Date: Sun, 1 Oct 95 23:13:32 CDT
From: rusin (Dave Rusin)
To: sivak-d@cs.buffalo.edu
Subject: Re: Analogue of Fermat for Matrix Groups?
Newsgroups: sci.math
[Was: can you generalize Fermat's little theorem to matrix groups]
Sure. Fermat's little theorem is nothing but Lagrange's theorem
specialized to the group Z_p^*. So what you want to do is ignore
Fermat and listen to Lagrange: every element of GL_n(F_p) has
order dividing the order of GL_n(F_p). At the level of your question
I would say the order of this group would be considered hard or
messy, but when n=2 it's not so bad; the conclusion is that for
every 2 x 2 invertible matrix M over F_p, we have M^k = I if
k=(p^2-1)*(p^2-p).
Actually you can do a bit better with some matrix theory behind you:
if the eigenvalues of M are distinct, then M is conjugate to
(and thus has the same order as) a diagonal matrix. If D=diag(a,b)
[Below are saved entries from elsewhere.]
(* The following are equivalent. (i) For every $0<\delta\leq 1$ there exists a positive integer $N=\mathrm{DPHJ}(2,2,\delta)$ such that for every $n\geq N$, every subset $A\subseteq W(n,2,2)$ with $|A|\geq\delta\,2^{n^2}$ contains a polynomial combinatorial line of $W(n,2,2)$. (ii) $\lim_{n\to\infty}\Delta^\circ_n(\mathcal{C}^\circ)=0$; that is, every $\mathcal{C}^\circ$-HJ-code $\mathcal{G}\subseteq\mathbb{F}_2^{\binom{[n]}{\leq 2}}$ satisfies $\mathbb{P}[\mathcal{G}]=o_{n\to\infty}(1)$.
   Context: Polynomial words: $W(n,2,2)$ is the set of all maps $w\colon[n]^2\to\{1,2\}$ (it has $2^{n^2}$ elements). A polynomial variable word is a map $v\colon[n]^2\to\{1,2\}\cup\{x\}$ ($x$ a new symbol) such that $v^{-1}(\{x\})=X\times X$ for some nonempty $X\subseteq[n]$; $v(a)$ is obtained by replacing each occurrence of $x$ by $a$. A polynomial combinatorial line is a set $\{v(1),v(2)\}$ for a polynomial variable word $v$. Graphs: $\binom{V}{\leq 2}$ is the set of nonempty subsets of $V$ of size at most 2; a graph on $V$ is a subset of $\binom{V}{\leq 2}$. $V(G)$ is the union of the members of $G$; graphs $G,H$ are isomorphic if there is a bijection $\phi\colon V(G)\to V(H)$ with $\{x,y\}\in G\iff\{\phi(x),\phi(y)\}\in H$ for all $x,y\in V(G)$. Graphs on $[n]$ are identified with elements of $\mathbb{F}_2^{\binom{[n]}{\leq 2}}$; $G_1+G_2$ is symmetric difference; $\mathbb{P}$ is the uniform probability measure. $K_r^\circ=\binom{[r]}{\leq 2}$, $\mathcal{C}^\circ=\{K_r^\circ:r\geq 1\}$. $\mathcal{G}$ is a $\mathcal{C}^\circ$-HJ-code if for all $G_1,G_2\in\mathcal{G}$ with $G_1\supseteq G_2$, $G_1+G_2$ is not isomorphic to any member of $\mathcal{C}^\circ$. $\Delta^\circ_n(\mathcal{C}^\circ)$ is the maximum of $\mathbb{P}[\mathcal{G}]$ over $\mathcal{C}^\circ$-HJ-codes $\mathcal{G}\subseteq\mathbb{F}_2^{\binom{[n]}{\leq 2}}$. *)

From HB Require Import structures.
From mathcomp Require Import all_boot all_order all_algebra.
From mathcomp Require Import reals.
Set Implicit Arguments. Unset Strict Implicit. Unset Printing Implicit Defensive.
Import Order.TTheory GRing.Theory Num.Theory.
From mathcomp Require Import boolp.
Local Open Scope ring_scope.

(* [n] is modelled by 'I_n; the alphabet {1,2} by bool (false = 1, true = 2). *)
Definition word (n : nat) := {ffun 'I_n * 'I_n -> bool}.

(* A polynomial variable word: values in {1,2} ∪ {x}, with x encoded as None,
   such that the preimage of x is X × X for some nonempty X ⊆ [n]. *)
Definition is_poly_var_word (n : nat) (v : {ffun 'I_n * 'I_n -> option bool}) : Prop :=
  exists X : {set 'I_n}, X != set0 /\ [set p | v p == None] = setX X X.

Definition subst_word (n : nat) (v : {ffun 'I_n * 'I_n -> option bool}) (a : bool) : word n :=
  [ffun p => if v p is Some b then b else a].

Definition contains_poly_line (n : nat) (A : {set word n}) : Prop :=
  exists v : {ffun 'I_n * 'I_n -> option bool},
    is_poly_var_word v /\ subst_word v false \in A /\ subst_word v true \in A.

Definition DPHJ_2_2 (R : realType) : Prop :=
  forall delta : R, 0 < delta <= 1 ->
    exists N : nat, (0 < N)%N /\
      forall n : nat, (N <= n)%N ->
        forall A : {set word n},
          delta * (2 ^+ (n ^ 2)%N) <= (#|A|)%:R -> contains_poly_line A.

Definition edges_le2 (T : finType) : {set {set T}} := [set e : {set T} | (0 < #|e| <= 2)%N].

Definition vertex_set (T : finType) (G : {set {set T}}) : {set T} := \bigcup_(e in G) e.

Definition graph_iso (T U : finType) (G : {set {set T}}) (H : {set {set U}}) : Prop :=
  exists phi : T -> U,
    {in vertex_set G &, injective phi} /\
    phi @: vertex_set G = vertex_set H /\
    (forall x y, x \in vertex_set G -> y \in vertex_set G ->
       ([set x; y] \in G) = ([set phi x; phi y] \in H)).

Definition Kcirc (r : nat) : {set {set 'I_r}} := edges_le2 'I_r.

Definition iso_to_Ccirc (T : finType) (G : {set {set T}}) : Prop :=
  exists r : nat, (1 <= r)%N /\ graph_iso G (Kcirc r).

(* Symmetric difference (addition in F_2^{binom([n], <=2)}). *)
Definition gsum (T : finType) (G1 G2 : {set {set T}}) : {set {set T}} :=
  (G1 :\: G2) :|: (G2 :\: G1).

Definition is_graph_on (n : nat) (G : {set {set 'I_n}}) : bool := G \subset edges_le2 'I_n.

Definition HJ_code (n : nat) (GG : {set {set {set 'I_n}}}) : Prop :=
  (forall G, G \in GG -> is_graph_on G) /\
  (forall G1 G2, G1 \in GG -> G2 \in GG -> G2 \subset G1 -> ~ iso_to_Ccirc (gsum G1 G2)).

Definition HJ_codeb (n : nat) (GG : {set {set {set 'I_n}}}) : bool :=
  `[< HJ_code GG >].

Definition Prob (R : realType) (n : nat) (GG : {set {set {set 'I_n}}}) : R :=
  (#|GG|)%:R / (2 ^+ #|edges_le2 'I_n|).

Definition Delta (R : realType) (n : nat) : R :=
  (\max_(GG : {set {set {set 'I_n}}} | HJ_codeb GG) #|GG|)%:R / (2 ^+ #|edges_le2 'I_n|).

Definition Delta_to_zero (R : realType) : Prop :=
  forall eps : R, 0 < eps -> exists N : nat, forall n : nat, (N <= n)%N -> `|Delta R n| < eps.

From mathcomp Require Import all_boot all_order all_algebra.
From mathcomp Require Import reals zify boolp.
Import Order.TTheory GRing.Theory Num.Theory.
Set Implicit Arguments. Unset Strict Implicit. Unset Printing Implicit Defensive.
is a diagonal 2x2 matrix, its order is the lcm of the orders of
a and b. By Fermat, this is at worst (p-1) if a and b lie in
F_p. If they lie in an extension field, they'll have the same order and
it will divide p^2-1. (Elements with precisely this order exist).
If the eigenvalues of M are not distinct, M might still be diagonalizable,
so this discussion applies. If not, it has some element b actually from F_p
on its diagonal and a 1 above the diagonal (not M, I mean a conjugate
matrix.). To get the diagonal elements equal to 1, you need to raise
to the (p-1) power (at least for the worst b's you do); then to get rid
of what's above the diagonal you will in general have to raise to the p-th
power, giving elements of order dividing and including p^2-p.
So the smallest exponent you could use for your theorem would be the lcm
of these two numbers p^2-1=(p-1)(p+1) and (p^2-p)=p*(p-1), which is
clearly p(p-1)(p+1).
Naturally the situation gets even more cumbersome with matrices larger
than 2 x 2.
dave